"Ну что? - спрашивал Соломон Аркадьевич, когда я возвращался с задания. - Спит?"
"Спит, - отвечал я. - Все в порядке".
Чтение стихов Заболоцкого он так и не возобновил. Очевидно, поэтическое мироощущение покинуло его. Но я об этом не сожалел.
В Любе тоже появились новые черты. Помимо того, что она обрила голову наголо и не хотела больше со мной спать, ей вдруг понравилось мыть полы.
"В больнице, - объяснила она, - это делают три раза. И еще вечером, перед самым сном".
Но она мыла полы чаще. Каждый раз, когда я откладывал в сторону кисть с известкой, снимал с головы газету про пограничников и выходил на кухню курить, она выливала на пол целое ведро воды. Как будто ей хотелось немедленно смыть всякие следы моего присутствия в ее комнате.

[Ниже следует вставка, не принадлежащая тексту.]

(* Let $A$ be a finite alphabet, $b\in A$ a letter, and $u$ a word over $A$ not ending with $b$. If $\vdash^*_{\{u\}}$ is not a well quasi-order on $L^{\epsilon}_{\vdash_{\{u\}}}$, then for every $k\ge1$, $\vdash^*_{\{ub^k\}}$ is not a well quasi-order on $L^{\epsilon}_{\vdash_{\{ub^k\}}}$. Symmetrically (Lemma 9), if $u$ does not begin with $b$ and $\vdash^*_{\{u\}}$ is not a wqo on $L^{\epsilon}_{\vdash_{\{u\}}}$, then for every $k\ge1$, $\vdash^*_{\{b^ku\}}$ is not a wqo on $L^{\epsilon}_{\vdash_{\{b^ku\}}}$.
   Context: For words $u,v$, the shuffle $u \sqcup\!\sqcup v$ is the set of all words $u_1v_1\cdots u_kv_k$ with $k\ge 1$, $u=u_1\cdots u_k$, $v=v_1\cdots v_k$ (pieces possibly empty). For a finite set $I$ of words, $v \vdash_I w$ means $w \in v \sqcup\!\sqcup u$ for some $u\in I$; $\vdash_I^*$ is its reflexive-transitive closure and $L^{\epsilon}_{\vdash_I}=\{w : \epsilon \vdash_I^* w\}$. A quasi-order $\le$ on $S$ is a well quasi-order iff every infinite sequence $s_1,s_2,\dots$ in $S$ has $i<j$ with $s_i\le s_j$. *)

From mathcomp Require Import all_boot.
Set Implicit Arguments. Unset Strict Implicit. Unset Printing Implicit Defensive.

Section Shuffle.
Variable A : finType.
Definition word := seq A.

Definition shuffle (u v w : word) : Prop :=
  exists (us vs : seq word),
    [/\ 0 < size us, size us = size vs, flatten us = u, flatten vs = v &
        w = flatten [seq p.1 ++ p.2 | p <- zip us vs]].

Definition step (I : seq word) (v w : word) : Prop :=
  exists2 u, u \in I & shuffle v u w.

Inductive derives (I : seq word) : word -> word -> Prop :=
  | derives_refl v : derives I v v
  | derives_step v w x : derives I v w -> step I w x -> derives I v x.

Definition Leps (I : seq word) (w : word) : Prop := derives I [::] w.

End Shuffle.

Definition wqo_on (T : Type) (le : T -> T -> Prop) (S : T -> Prop) : Prop :=
  forall s : nat -> T, (forall n, S (s n)) ->
    exists i j, (i < j)%N /\ le (s i) (s j).

From mathcomp Require Import all_boot zify.
Set Implicit Arguments. Unset Strict Implicit. Unset Printing Implicit Defensive.

(* Given a bad sequence x_i for |-*_u, pad each x_i into b^(k m_i) x_i, where
   m_i = |x_i|/|u| is the number of insertions producing it; these words lie in
   the language of b^k u.  To transfer a derivation b^(k m) x |-* b^(k n) y back,
   mark the letters coming from b^k and follow them along.  Two invariants
   survive each insertion of b^k u: every prefix made of b's only is fully
   marked (this is where u not beginning with b is used), and unmarked letters
   make up the fraction |u|/(k + |u|) of the word.  At the end they force the
   marked letters to be exactly the leading b^(k n), so erasing them gives
   x |-*_u y.  Appending b^k reduces to prepending it by reversing all words. *)

Section Interleave.
Variable T : Type.
Implicit Types (a c d : seq T) (p q r : pred T).

Inductive interleave : seq T -> seq T -> seq T -> Prop :=
  | interleave_nil : interleave [::] [::] [::]
  | interleave_consl x a c d : interleave a c d -> interleave (x :: a) c (x :: d)
  | interleave_consr x a c d : interleave a c d -> interleave a (x :: c) (x :: d).

Lemma interleaves0 a : interleave a [::] a.
Proof. by elim: a => [|x a IH]; constructor. Qed.

Lemma interleave0s c : interleave [::] c c.
Proof. by elim: c => [|x c IH]; constructor. Qed.

Lemma interleave_cat a c d a' c' d' :
  interleave a c d -> interleave a' c' d' -> interleave (a ++ a') (c ++ c') (d ++ d').
Proof. by move=> H H'; elim: H => //= *; constructor. Qed.

Lemma interleave_rev a c d : interleave a c d -> interleave (rev a) (rev c) (rev d).
Proof.
elim=> [|x {}a {}c {}d _ IH|x {}a {}c {}d _ IH]; rewrite ?rev_cons -?cats1.
- exact: interleave_nil.
- by rewrite -[rev c]cats0; apply: interleave_cat IH (interleaves0 _).
- by rewrite -[rev a]cats0; apply: interleave_cat IH (interleave0s _).
Qed.

Lemma interleave_filter p a c d :
  interleave a c d -> interleave (filter p a) (filter p c) (filter p d).
Proof. by elim=> //= [|x *|x *]; [constructor|case: (p x); try constructor..]. Qed.

Lemma interleave_count p a c d : interleave a c d -> count p d = count p a + count p c.
Proof. by elim=> //= *; lia. Qed.

Lemma interleave_size a c d : interleave a c d -> size d = size a + size c.
Proof. by move=> H; rewrite -!count_predT (interleave_count _ H). Qed.

Lemma interleave_all p a c d : interleave a c d -> all p d = all p a && all p c.
Proof. by elim=> //= x {}a {}c {}d _ ->; case: (p x); rewrite ?andbF. Qed.

Lemma interleave_ohead a c d : interleave a c d -> ohead d = ohead a \/ ohead d = ohead c.
Proof. by case; [left | left | right]. Qed.

Lemma interleave_take a c d n : interleave a c d ->
  exists i j, interleave (take i a) (take j c) (take n d).
Proof.
move=> H; elim: H n => [|x {}a {}c {}d _ IH|x {}a {}c {}d _ IH] [|n];
  try by exists 0, 0; rewrite !take0; constructor.
- by have [i [j Hij]] := IH n; exists i.+1, j; constructor.
- by have [i [j Hij]] := IH n; exists i, j.+1; constructor.
Qed.

Definition prefix_imply q r d := forall n, all q (take n d) -> all r (take n d).

Lemma interleave_prefix_imply q r a c d : interleave a c d ->
  prefix_imply q r a -> prefix_imply q r c -> prefix_imply q r d.
Proof.
move=> H Ha Hc n; have [i [j Hij]] := interleave_take n H.
by rewrite !(interleave_all _ Hij) => /andP[/Ha -> /Hc ->].
Qed.

Lemma interleave_density p a c d : interleave a c d ->
  count p a * size c = size a * count p c -> count p d * size c = size d * count p c.
Proof. by move=> H; rewrite (interleave_count _ H) (interleave_size H); lia. Qed.

End Interleave.

Section InterleaveMap.
Variables (T U : Type) (f : T -> U).
Implicit Types a c d : seq T.

Lemma interleave_map a c d :
  interleave a c d -> interleave (map f a) (map f c) (map f d).
Proof. by elim=> /= *; constructor. Qed.

Lemma interleave_map_lift a c (d' : seq U) : interleave (map f a) (map f c) d' ->
  exists2 d, map f d = d' & interleave a c d.
Proof.
move Ea: (map f a) => a'; move Ec: (map f c) => c' H.
elim: H a c Ea Ec => [|x {}a' {}c' {}d' _ IH|x {}a' {}c' {}d' _ IH].
- by move=> [|//] [|//] _ _; exists [::]; last constructor.
- move=> [|y a] c //= [<- Ea] Ec; have [d <- Hd] := IH _ _ Ea Ec.
  by exists (y :: d); last constructor.
- move=> a [|y c] //= Ea [<- Ec]; have [d <- Hd] := IH _ _ Ea Ec.
  by exists (y :: d); last constructor.
Qed.

End InterleaveMap.

Lemma shuffleP (A : finType) (a c d : seq A) : shuffle a c d <-> interleave a c d.
Proof.
split.
- case=> us [vs [_ Hsize <- <- ->]].
  elim: us vs Hsize => [|x us IH] [|y vs] //=; first by constructor.
  case=> /IH H; apply: interleave_cat H.
  by have := interleave_cat (interleaves0 x) (interleave0s y); rewrite cats0.
- elim=> [|x a1 c1 d1 _ [us [vs [H1 H2 H3 H4 H5]]]|x a1 c1 d1 _ [us [vs [H1 H2 H3 H4 H5]]]].
  + by exists [:: [::]], [:: [::]].
  + by exists ([:: x] :: us), ([::] :: vs); split; rewrite //= ?H2 ?H3 ?H4 ?H5.
  + by exists ([::] :: us), ([:: x] :: vs); split; rewrite //= ?H2 ?H3 ?H4 ?H5.
Qed.

Lemma step1P (A : finType) (v w x : seq A) : step [:: v] w x <-> interleave w v x.
Proof.
split; first by case=> v'; rewrite mem_seq1 => /eqP -> /shuffleP.
by move=> H; exists v; [exact: mem_head | exact/shuffleP].
Qed.

Lemma derives1_inv (A : finType) (P : seq A -> Prop) v x y :
  (forall w z, interleave w v z -> P w -> P z) -> derives [:: v] x y -> P x -> P y.
Proof. by move=> HP; elim=> // x' w z _ IH /step1P /HP Hz /IH. Qed.

Lemma derives1_homo (A B : finType) (phi : seq A -> seq B) (v x y : seq A) :
  (forall a c d, interleave a c d -> interleave (phi a) (phi c) (phi d)) ->
  derives [:: v] x y -> derives [:: phi v] (phi x) (phi y).
Proof.
move=> Hphi; elim=> [w|w1 w2 w3 _ IH /step1P H]; first exact: derives_refl.
by apply: derives_step IH _; apply/step1P/Hphi.
Qed.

Мне приходилось выкуривать по две, а иногда по три папиросы, потому что она всегда вытирала насухо. Это занимало у нее и, следовательно, у меня, не меньше чем полчаса. Она ползала на коленях с тряпкой в руках, пока абсолютно весь пол не переставал блестеть. Даже в самых дальних углах. Даже у плинтусов и под сдвинутым наконец шкафом.
"Нельзя, чтобы блестел, - прерывисто говорила она. - Иначе муж будет пьяница".
Об этом она тоже узнала в больнице.
Но мужем был я. Который, в общем-то, совсем не пил. Поэтому, стоя у нее за спиной и сглатывая горькую от бесчисленных папирос слюну, я начинал смутно догадываться, что речь может идти не обо мне.
Моя Рахиль заботилась о чьей-то чужой трезвости.
К привычной для меня лексике приморской шпаны в ее речи добавились слова "чувак" и "башли". "Чуваком" она иногда называла меня, но чаще - своих новых приятелей, с которыми она познакомилась в больнице. "Чувак" по моему адресу означал хорошее расположение духа или какое-нибудь мое персональное достижение - удачно выкрашенный потолок, прибитая полка или просверленная над карнизом дыра. В такие моменты мне позволялось остаться в комнате даже во время мытья полов.
Но чаще все-таки "чуваками" оказывались те таинственные узники сумасшедшего дома. Они были стиляги и чуваки. Советское государство, стремясь обезопасить себя от их узких брюк, ярких галстуков, "черных котов", а главное - от их "шуба-дубы", заперло "чуваков" в одном помещении с моей безумной Рахилью, и сердце ее дрогнуло, пленившись ощущением новой свободы и свежего воздуха, а мне осталось только курить на кухне свой "Беломор" и поджимать по ночам у ее закрытой двери свои замерзшие голые ноги.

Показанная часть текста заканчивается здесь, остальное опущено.